Take varifocal as an example. We first learned about it from papers written in the 1990s, first started working on it ourselves in 2015, and first started speaking about it publicly in 2018. Even if it were in a product today, that would be a long, long journey. In that time, we’ve seen Oculus (now Meta Quest) ignite as a startup and ultimately ship three major generations of headsets, each building on the last. Product teams have the responsibility to move forward rapidly with intent, but only research has the privilege to dabble: to consider what might be one day, rather than what needs to be right now. Research can’t control when a product team might choose a technology; and, if we’re working on challenges they aren’t immediately faced with, it may be a long wait until they find themselves to be in need of a solution we’ve long-since prototyped.

So I see this a bit differently after working for almost two decades as a research scientist: the primary responsibility of research is to point out what product doesn’t know already. No one asked for varifocal or to solve vergence-accommodation conflict. No one asked for light field passthrough or reverse passthrough. We first built these demos to show ourselves (and then our product colleagues) that these were even problems worth some attention. And we’re doing that now with the broader SIGGRAPH community. We hope sharing these demos more widely will help advance the larger industry and pull in the timeline when such computational imaging concepts could be practically realized.
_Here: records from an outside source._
(** Base case: [X 0 w * w^e -> C(0)], via Gauss's formula for [Gamma]. *)
Lemma column0_limit :
  is_lim_seq (fun w => X 0%nat w * exp (tail_exp * ln (INR w))) (tail_const 0).
Proof.
  set (b := b2 / a2). set (c := (B + 1) / a2).
  assert (Hb : 0 < b) by (apply Rdiv_lt_0_compat; lra).
  assert (Hc : 0 < c) by (apply Rdiv_lt_0_compat; lra).
  assert (He : tail_exp = 1 + c - b) by (unfold tail_exp, c, b; rewrite HB; field; lra).
  assert (Hgauss : forall n, X 0%nat (S n) * exp (tail_exp * ln (INR (S n)))
             = s / b2 * (gauss_seq (1 + c) n / gauss_seq b n) * exp (tail_exp * log_incr n)).
  { intros n. rewrite column0_closed_form. fold b c. unfold gauss_seq, Rpower, log_incr.
    replace (tail_exp * ln (INR (S n)))
      with (tail_exp * (ln (INR (S n)) - ln (INR n)) + tail_exp * ln (INR n)) by ring.
    replace ((1 + c) * ln (INR n)) with (b * ln (INR n) + tail_exp * ln (INR n))
      by (rewrite He; ring).
    rewrite !exp_plus.
    pose proof (rising_prod_pos b n Hb). pose proof (rising_prod_pos (1 + c) n ltac:(lra)).
    pose proof (fact_pos n). pose proof (exp_pos (b * ln (INR n))).
    pose proof (exp_pos (tail_exp * ln (INR n))).
    field. repeat split; lra. }
  assert (HC : tail_const 0 = s / b2 * (Gamma (1 + c) / Gamma b) * 1).
  { unfold tail_const. simpl INR. rewrite Rplus_0_l. fold b c.
    pose proof (Gamma_pos (b1 / a1) ltac:(apply Rdiv_lt_0_compat; lra)).
    pose proof (Gamma_pos b Hb).
    rewrite (Rplus_comm 1 b), Gamma_succ by lra. simpl fact.
    replace b2 with (a2 * b) by (unfold b; field; lra).
    field. repeat split; lra. }
  pose proof (proj1 (Gamma_spec b Hb)) as Gb.
  pose proof (proj1 (Gamma_spec (1 + c) ltac:(lra))) as Gc.
  apply is_lim_seq_Reals in Gb, Gc.
  apply is_lim_seq_incr_1.
  apply is_lim_seq_ext with (1 := fun n => eq_sym (Hgauss n)).
  rewrite HC. apply is_lim_seq_mult'; [|apply exp_log_incr_lim].
  apply is_lim_seq_mult'; [apply is_lim_seq_const|].
  apply is_lim_seq_div'; [exact Gc | exact Gb | apply Rgt_not_eq, Gamma_pos, Hb].
Qed.

(** Induction step: along the column [w1 = i+1] the scaled values
    [z_m = X (i+1) m * m^e] satisfy an affine recurrence whose forcing term
    comes from column [i]; [affine_recurrence_limit] gives their limit. *)
Lemma column_step i (L : R) :
  is_lim_seq (fun w => X i w * exp (tail_exp * ln (INR w))) L ->
  is_lim_seq (fun w => X (S i) w * exp (tail_exp * ln (INR w)))
     (L * (a1 * INR i + b1) / (a1 * INR (S i))).
Proof.
  intros IH.
  set (e := tail_exp) in *.
  assert (He : 0 < e)
    by (unfold e, tail_exp; pose proof (Rdiv_lt_0_compat (b1 + 1) a2 ltac:(lra) Ha2); lra).
  set (G := a1 * INR i + b1).
  assert (HG : 0 < G) by (unfold G; pose proof (pos_INR i); nra).
  set (k := (a1 * INR (S i) + B + 1 + a2) / a2).
  assert (Hk : 0 < k)
    by (unfold k; pose proof (pos_INR (S i)); apply Rdiv_lt_0_compat; nra).
  set (rho := fun m => (INR m + b2 / a2) / (INR m + k) * exp (e * log_incr m)).
  set (h := fun m => G * (X i (S m) * exp (e * ln (INR (S m)))) / a2 / (INR m + k)).
  assert (HaS : 0 < a1 * INR (S i)) by (apply Rmult_lt_0_compat; [lra | apply INR_S_pos]).
  replace (L * G / (a1 * INR (S i))) with ((G * L / a2) / (a1 * INR (S i) / a2))
    by (pose proof (INR_S_pos i); field; repeat split; lra).
  apply affine_recurrence_limit with (rho := rho) (h := h).
  - apply Rdiv_lt_0_compat; lra.
  - intros m. rewrite X_S_S. unfold rho, h, log_incr. pose proof (pos_INR m).
    replace (e * ln (INR (S m)))
      with (e * (ln (INR (S m)) - ln (INR m)) + e * ln (INR m)) by ring.
    rewrite exp_plus.
    replace (a1 * INR (S i) + a2 * INR (S m) + B + 1) with (a2 * (INR m + k))
      by (unfold k; rewrite (S_INR m); field; lra).
    fold G. field. lra.
  - replace (a1 * INR (S i) / a2) with (k - b2 / a2 - e)
      by (unfold k, e, tail_exp; rewrite HB; field; lra).
    apply contraction_rate; assumption.
  - apply is_lim_seq_ext with
      (u := fun m => G * (X i (S m) * exp (e * ln (INR (S m)))) / a2
                     * ((INR m + 0) / (INR m + k))).
    { intros m. unfold h. pose proof (pos_INR m). field. lra. }
    replace (Finite (G * L / a2)) with (Finite (G * L / a2 * 1)) by (f_equal; ring).
    apply is_lim_seq_mult'; [|apply lim_shifted_ratio, Hk].
    unfold Rdiv. apply is_lim_seq_mult'; [|apply is_lim_seq_const].
    apply is_lim_seq_mult'; [apply is_lim_seq_const|].
    apply (is_lim_seq_incr_1 (fun w => X i w * exp (e * ln (INR w)))), IH.
Qed.

Lemma column_limit w1 :
  is_lim_seq (fun w => X w1 w * exp (tail_exp * ln (INR w))) (tail_const w1).
Proof.
  induction w1 as [|i IH].
  - exact column0_limit.
  - rewrite tail_const_S. exact (column_step i _ IH).
Qed.

End ColumnAsymptotics.

Lemma model_coeffs_pos N p q r :
  (3 <= N)%nat -> 0 < p < 1 -> 0 < q < 1 -> 0 < r < 1 ->
  0 < alpha1 p q r /\ 0 < alpha2 N p q r /\ 0 < beta1 p q /\ 0 < beta2 N p q r.
Proof.
  intros HN Hp Hq Hr.
  assert (HN3 : 3 <= INR N) by (replace 3 with (INR 3) by (simpl; ring); apply le_INR, HN).
  assert (Hb1 : 0 < beta1 p q) by (unfold beta1; apply Rdiv_lt_0_compat; nra).
  repeat split.
  - unfold alpha1. nra.
  - unfold alpha2.
    assert (0 < p * r * (INR N - 2) / (INR N - 1))
      by (apply Rdiv_lt_0_compat; [apply Rmult_lt_0_compat; nra | lra]).
    nra.
  - exact Hb1.
  - unfold beta2. fold (beta1 p q). apply Rmult_lt_0_compat; lra.
Qed.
We’ve spoken about emerging display technologies, such as varifocal, for nearly a decade now. We can’t speak to when the industry may land these technologies in products—but we’re confident that the demos will convince the majority that these are challenges worth solving. We’re excited to hear from SIGGRAPH attendees on what they think of these challenges and the two technological solutions we’re proposing to solve them with.

By the way, the better band is obviously the Beatles: I expect they’d also make the better researchers, as they were always willing to try something new, even if they ended up with Rocky Racoon.